Tory Williamson could get open, he just couldn't catch. Hester might not have Randy Moss like hands, but he can catch the ball. Also, Hester never wanted to play receiver, he wanted to be a corner back like Deion Sanders. So all his coaches wanted him to be a receiver, and he also made them play him as a corner. Lovie Smith finally got him to agree to be a receiver full time last year.

Re 64:

I doubt it, the Lions were some kind of kryptonite for Griese. One game he was leading awesome 2 minute drills against the Eagles, the next he was throwing picks while in field goal range against the Lions.

66
by ArmyCraig (not verified) :: Tue, 06/24/2008 - 9:32am

#19
Other than maybe Tim Brown, and Lovie Smith would strangle his children if Hester turns out to be that good, has there ever been a case of a team’s #1 WR also serving as the primary kick and punt returner?

:: Harris — 6/19/2008

Troy Brown with the pats being another.
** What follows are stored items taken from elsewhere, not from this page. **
Lemma measurable_fun_geP (R : realType) (f : T -> R) :
  measurable_fun setT f <-> forall c, measurable [set x | c <= f x].
Proof.
split=> [mf c|mge].
  rewrite (_ : [set x | c <= f x] = setT `&` f @^-1` `[c, +oo[).
    exact: mf.
  by apply/seteqP; split => x /=; rewrite in_itv /= andbT // => -[].
apply: (measurability (@measurable_realfun.RGenCInfty.G R)) => [|_ [_ [c ->] <-]].
  exact: measurable_realfun.RGenCInfty.measurableE.
rewrite setTI (_ : _ @^-1` _ = [set x | c <= f x]) //.
by apply/seteqP; split => x /=; rewrite in_itv /= andbT.
Qed.

Lemma random_vector_continuous (R : realType) n (X : T -> 'cV[R]_n) (g : 'cV[R]_n -> R) :
  random_vector X -> continuous g -> measurable_fun setT (g \o X).
Proof.
move=> rvX g_cont; apply/measurable_fun_geP => c.
apply: (rvX [set y | c <= g y]); apply: borel_cv_closed; exact: closed_ge_continuous.
Qed.

End Measurability.

Section IndependentBlocks.
Variables (R : realType) (d : measure_display) (Omega : measurableType d).
Variables (P : probability Omega R) (n : nat) (w : nat -> Omega -> 'cV[R]_n).
Variables (U : nat -> set 'cV[R]_n) (N : nat).
Hypothesis U_borel : forall j, borel_cv (U j).
Hypothesis w_rv : forall t, random_vector (w t).
Hypothesis w_indep : independent_rvecs P w.

Definition pr (A : set Omega) : R := fine (P A).

Definition hits (s : seq nat) : set Omega := \bigcap_(j in [set` s]) (w j @^-1` U j).

Definition block_hit k : set Omega := hits (iota (k * N) N).

Definition no_block_hit K : set Omega := \bigcap_(k in `I_K) ~` block_hit k.

Lemma prE A : measurable A -> P A = (pr A)%:E.
Proof. by move=> mA; rewrite /pr fineK //; exact: fin_num_measure. Qed.

Lemma pr_le1 A : measurable A -> pr A <= 1.
Proof. by move=> mA; rewrite -lee_fin -prE //; exact: probability_le1. Qed.

Lemma prD A B : measurable A -> measurable B -> pr (A `\` B) = pr A - pr (A `&` B).
Proof.
move=> mA mB; rewrite /pr -fineB ?fin_num_measure //; last exact: measurableI.
have PA_fin : (P A < +oo)%E by rewrite prE ?ltry.
by rewrite (measureD (mu := P) mA mB PA_fin).
Qed.

Lemma hits_measurable s : measurable (hits s).
Proof. by apply: bigcap_measurableType => j _; exact: w_rv. Qed.

Lemma no_block_hit_measurable K : measurable (no_block_hit K).
Proof. by apply: bigcap_measurableType => k _; exact/measurableC/hits_measurable. Qed.

Lemma pr_hits s : uniq s -> pr (hits s) = \prod_(j <- s) pr (w j @^-1` U j).
Proof.
move=> s_uniq; have := w_indep s_uniq (fun j _ => U_borel j).
rewrite -/(hits s) (prE (hits_measurable s)).
rewrite (eq_bigr (fun j => (pr (w j @^-1` U j))%:E)) => [|j _]; last first.
  by rewrite prE //; exact: w_rv.
by rewrite prodEFin => /eqP; rewrite eqe => /eqP.
Qed.

Lemma hits_cat s1 s2 : hits (s1 ++ s2) = hits s1 `&` hits s2.
Proof.
apply/seteqP; split => [om hit_om|om [hit1 hit2] j /=]; last first.
  by rewrite mem_cat => /orP [] js; [exact: hit1|exact: hit2].
by split => j js; apply: hit_om; rewrite /= mem_cat js ?orbT.
Qed.

Lemma pr_no_block_hit_hits K s : uniq s -> all (leq (K * N)) s ->
  pr (no_block_hit K `&` hits s) =
  (\prod_(k < K) (1 - pr (block_hit k))) * \prod_(j <- s) pr (w j @^-1` U j).
Proof.
elim: K s => [|K IH] s s_uniq /allP s_ge.
  rewrite big_ord0 mul1r -pr_hits //; congr pr.
  by apply/seteqP; split => [om []//|om hit_om]; split => // k.
have no_hit_S : no_block_hit K.+1 `&` hits s =
    (no_block_hit K `&` hits s) `\` block_hit K.
  apply/seteqP; split => [om [no_hit hit_s]|om [[no_hit hit_s] not_hit]].
    by split; [split => // k kK; apply: no_hit => /=; exact: ltnW|apply: no_hit => /=].
  split => // k /=; rewrite ltnS leq_eqVlt => /orP [/eqP ->//|]; exact: no_hit.
have s_ge' : all (leq (K * N)) s by apply/allP => j /s_ge; rewrite mulSn /=; lia.
have cat_uniq : uniq (iota (K * N) N ++ s).
  rewrite cat_uniq iota_uniq s_uniq andbT; apply/hasPn => j /s_ge.
  by rewrite mem_iota mulSn /=; lia.
have cat_ge : all (leq (K * N)) (iota (K * N) N ++ s).
  by rewrite all_cat s_ge' andbT; apply/allP => j; rewrite mem_iota => /andP [].
rewrite no_hit_S prD; first last.
- exact: hits_measurable.
- by apply: measurableI; [exact: no_block_hit_measurable|exact: hits_measurable].
rewrite -setIA [hits s `&` _]setIC -hits_cat (IH _ s_uniq s_ge') (IH _ cat_uniq cat_ge).
by rewrite big_cat /= big_ord_recr /= /block_hit pr_hits ?iota_uniq //; ring.
Qed.

Lemma no_block_hit_le K (a : R) : 0 <= a -> (forall j, a%:E <= P (w j @^-1` U j))%E ->
  (P (no_block_hit K) <= ((1 - a ^+ N) ^+ K)%:E)%E.
Proof.
move=> a_ge0 a_le; have := pr_no_block_hit_hits (K := K) (s := [::]) isT isT.
rewrite big_nil mulr1 (_ : hits [::] = setT); last by apply/seteqP; split => // om _ j.
rewrite setIT (prE (no_block_hit_measurable K)) => ->; rewrite lee_fin.
rewrite -[X in _ <= _ ^+ X](card_ord K) -prodr_const; apply: ler_prod => k _.
rewrite subr_ge0 (pr_le1 (hits_measurable _)) /= lerD2l lerN2 /block_hit pr_hits ?iota_uniq //.
have -> : iota (k * N) N = index_iota (k * N) (k * N + N) by rewrite /index_iota addKn.
rewrite -[X in _ ^+ X <= _](addKn (k * N) N) -prodr_const_nat; apply: ler_prod => j _.
by rewrite a_ge0 /= -lee_fin -prE; [exact: a_le|exact: w_rv].
Qed.

End IndependentBlocks.

Section Exclusion.
Variables (R : realType) (p nx q N : nat) (Pi : 'M[R]_(q, nx)) (pi : 'cV[R]_q).
Variables (D : nat -> 'M[R]_(nx, p)) (thstar : 'cV[R]_p).

(* [dotv g (th - thstar)] is the sum over the block of [dotv (D j (th - thstar)) (D j v)], and
   by the minimality of [w0 j] each term is at most [tau |v| |u j - w0 j|]. *)
Lemma block_consistent_dotv_lt k (g v th : 'cV[R]_p) (u w0 : nat -> 'cV[R]_nx)
    (eps beta tau : R) :
  (0 < N)%N -> 0 < eps -> 0 < beta -> 0 < tau ->
  (\sum_(k * N <= j < k * N + N) (D j)^T *m D j) *m v = g -> beta * vnorm v <= 1 ->
  (forall j (x : 'cV_p), vnorm (D j *m x) <= tau * vnorm x) ->
  (forall j z, (k * N <= j < k * N + N)%N -> polytope Pi pi z ->
     dotv (D j *m v) (w0 j) <= dotv (D j *m v) z) ->
  (forall j, (k * N <= j < k * N + N)%N -> vnorm (u j - w0 j) < eps * beta / (N%:R * tau)) ->
  (forall j, (k * N <= j < k * N + N)%N -> polytope Pi pi (D j *m (thstar - th) + u j)) ->
  dotv g (th - thstar) < eps.
Proof.
move=> N_gt0 eps_gt0 beta_gt0 tau_gt0 Sv v_le D_le w0_min u_near th_cons.
have [v0|v_neq0] := eqVneq v 0.
  by rewrite -Sv v0 mulmx0 dotv0l.
have v_gt0 := vnorm_gt0 v_neq0.
have term_lt j : (k * N <= j < k * N + N)%N ->
    dotv (D j *m (th - thstar)) (D j *m v) < tau * vnorm v * (eps * beta / (N%:R * tau)).
  move=> j_in; have := w0_min j _ j_in (th_cons j j_in).
  rewrite dotvDr -[thstar - th]opprB mulmxN dotvNr.
  rewrite [dotv (D j *m v) (D j *m _)]dotvC => w0_le.
  apply: le_lt_trans (_ : _ <= dotv (D j *m v) (u j - w0 j)) _; first by rewrite dotvBr; lra.
  apply: le_lt_trans (dotv_le_vnorm _ _) _.
  apply: le_lt_trans (_ : _ <= tau * vnorm v * vnorm (u j - w0 j)) _.
    by rewrite ler_wpM2r ?vnorm_ge0 ?D_le.
  by rewrite ltr_pM2l ?u_near // mulr_gt0.
rewrite dotvC -Sv dotv_sum_gram.
have block_nonempty : (k * N < k * N + N)%N by lia.
apply: lt_le_trans (ltr_sum_nat block_nonempty term_lt) _.
set e := eps * beta / (N%:R * tau).
rewrite sumr_const_nat addKn -mulr_natl.
have -> : N%:R * (tau * vnorm v * e) = eps * (beta * vnorm v).
  by rewrite /e; field; rewrite !gt_eqF ?ltr0n.
by rewrite ler_piMr // ltW.
Qed.

End Exclusion.

Lemma divn_block N k j : (0 < N)%N -> (k * N <= j < k * N + N)%N -> (j %/ N)%N = k.
Proof.
move=> N_gt0 /andP [j_ge j_lt]; apply/eqP; rewrite eqn_leq leq_divRL // j_ge andbT.
by rewrite -ltnS ltn_divLR // mulSn addnC.
Qed.

Section Update.
Variables (R : realType) (d : measure_display) (Omega : measurableType d).
Variables (p nx q r : nat) (thstar : 'cV[R]_p) (Pi : 'M[R]_(q, nx)) (pi : 'cV[R]_q).
Variables (w : nat -> Omega -> 'cV[R]_nx) (D : nat -> 'M[R]_(nx, p)) (N : nat).
Variables (M : 'M[R]_(r, p)) (mu : nat -> Omega -> 'cV[R]_r).
Hypothesis N_gt0 : (0 < N)%N.
Hypothesis mu_update : forall om t, (exists k, (1 <= k)%N /\ t = (k * N)%N) ->
  forall i, is_max
    [set (M *m th) i 0 | th in
      [set th | ThetaSet M (mu (t - N)%N om) th /\
                forall j, (t - N < j <= t)%N -> Delta Pi pi D thstar w j om th]]
    (mu t om i 0).
Hypothesis mu_keep : forall om t, (1 <= t)%N ->
  ~ (exists k, (1 <= k)%N /\ t = (k * N)%N) -> mu t om = mu t.-1 om.

Definition block_consistent k om (th : 'cV[R]_p) : Prop :=
  forall j, (k * N <= j < k * N + N)%N -> polytope Pi pi (D j *m (thstar - th) + w j om).

Lemma mu_update_ge_iff om k i c :
  c <= mu (k.+1 * N)%N om i 0 <->
  exists th, [/\ ThetaSet M (mu (k * N)%N om) th, block_consistent k om th &
                 c <= (M *m th) i 0].
Proof.
have [[th [th_Theta th_Delta] <-] mu_ub] := mu_update om (ex_intro _ k.+1 (conj isT erefl)) i.
rewrite mulSn addKn in th_Theta th_Delta mu_ub.
split => [c_le|[th' [th'_Theta th'_cons c_le]]].
  exists th; split => // j /andP [j_ge j_lt].
  by apply: (th_Delta j.+1); rewrite ltnS j_ge addnC.
apply: le_trans c_le (mu_ub _ _); exists th' => //; split => // j /andP [j_gt j_le].
by apply: th'_cons; lia.
Qed.

Lemma ThetaSet_mu_excluded om k i th (v : 'cV[R]_p) (w0 : nat -> 'cV[R]_nx)
    (eps beta tau : R) :
  0 < eps -> 0 < beta -> 0 < tau ->
  (\sum_(k * N <= j < k * N + N) (D j)^T *m D j) *m v = (row i M)^T ->
  beta * vnorm v <= 1 ->
  (forall j (x : 'cV_p), vnorm (D j *m x) <= tau * vnorm x) ->
  (forall j z, (k * N <= j < k * N + N)%N -> polytope Pi pi z ->
     dotv (D j *m v) (w0 j) <= dotv (D j *m v) z) ->
  (forall j, (k * N <= j < k * N + N)%N -> vnorm (w j om - w0 j) < eps * beta / (N%:R * tau)) ->
  eps <= dotv (row i M)^T (th - thstar) ->
  ~ ThetaSet M (mu (k.+1 * N)%N om) th.
Proof.
move=> eps_gt0 beta_gt0 tau_gt0 Sv v_le D_le w0_min w_near th_far th_Theta.
have [th' [_ th'_cons th_le]] := (mu_update_ge_iff om k i ((M *m th) i 0)).1 (th_Theta i).
have := block_consistent_dotv_lt N_gt0 eps_gt0 beta_gt0 tau_gt0 Sv v_le D_le w0_min w_near th'_cons.
by move: th_le th_far; rewrite !row_mulmxE !dotvBr; lra.
Qed.

Lemma mu_div t om : mu t om = mu (t %/ N * N)%N om.
Proof.
elim: t => [|t IH]; first by rewrite div0n.
have [N_dvd|N_ndvd] := boolP (N %| t.+1)%N; first by rewrite divnK.
rewrite mu_keep // => [|[k [_ t_eq]]]; last by rewrite t_eq dvdn_mull in N_ndvd.
by rewrite /= IH divnS // (negbTE N_ndvd) add0n.
Qed.

Lemma mu_block_le om k K i : (k <= K)%N -> mu (K * N)%N om i 0 <= mu (k * N)%N om i 0.
Proof.
elim: K => [|K IH]; first by rewrite leqn0 => /eqP ->.
rewrite leq_eqVlt => /orP [/eqP -> //|]; rewrite ltnS => /IH; apply: le_trans.
have [th [th_Theta _ mu_le]] := (mu_update_ge_iff om K i (mu (K.+1 * N) om i 0)).1 (lexx _).
exact: le_trans mu_le (th_Theta i).
Qed.

Lemma ThetaSet_mu_block om t th k : ThetaSet M (mu t om) th -> (k * N <= t)%N ->
  ThetaSet M (mu (k * N)%N om) th.
Proof.
move=> th_Theta kN_le i; apply: le_trans (th_Theta i) _; rewrite mu_div.
by apply: mu_block_le; rewrite leq_divRL.
Qed.

Lemma ThetaSet_mu_sub_no_block_hit t i th (v : nat -> 'cV[R]_p) (w0 : nat -> 'cV[R]_nx)
    (eps beta tau : R) :
  0 < eps -> 0 < beta -> 0 < tau ->
  (forall k, (\sum_(k * N <= j < k * N + N) (D j)^T *m D j) *m v k = (row i M)^T /\
             beta * vnorm (v k) <= 1) ->
  (forall j (x : 'cV_p), vnorm (D j *m x) <= tau * vnorm x) ->
  (forall j z, polytope Pi pi z ->
     dotv (D j *m v (j %/ N)%N) (w0 j) <= dotv (D j *m v (j %/ N)%N) z) ->
  eps <= dotv (row i M)^T (th - thstar) ->
  [set om | ThetaSet M (mu t om) th] `<=`
    no_block_hit w (fun j => [set x | vnorm (x - w0 j) < eps * beta / (N%:R * tau)])
      N (t %/ N).
Proof.
move=> eps_gt0 beta_gt0 tau_gt0 v_spec D_le w0_min th_far om th_t k /= k_lt hit.
apply: (ThetaSet_mu_excluded eps_gt0 beta_gt0 tau_gt0 (v_spec k).1 (v_spec k).2 D_le _ _ th_far).
- by move=> j z j_in; rewrite -(divn_block N_gt0 j_in); exact: w0_min.
- by move=> j j_in; apply: hit; rewrite /= mem_iota.
- by apply: ThetaSet_mu_block th_t _; rewrite -leq_divRL.
Qed.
I'm sure there're plenty more. Not many on championship teams, but I can think of a few top defensive backs that returned kicks regularly too.

67
by Eric (not verified) :: Sat, 06/28/2008 - 8:44pm

The comments about Hester were said almost verbatim in training camp last year. Then he couldn't run a route.

I'll buy it when I see it.

68
by Bjorn (not verified) :: Thu, 07/10/2008 - 5:58am

If Kyle Orton is a serious candidate to be your starting QB you are not a serious playoff contender. In my eyes it is that simple.

Sexy Rexy I can get, there is some (perhaps foolish) hope of an "upside" there that might make you belive he would sudenly make some dramatic improvement and "get it" enough to become a decent NFL starter but Orton should be no higher than #3 on any serious NFL team...

Playing Orton is more or less giving up and accepting mediocracy!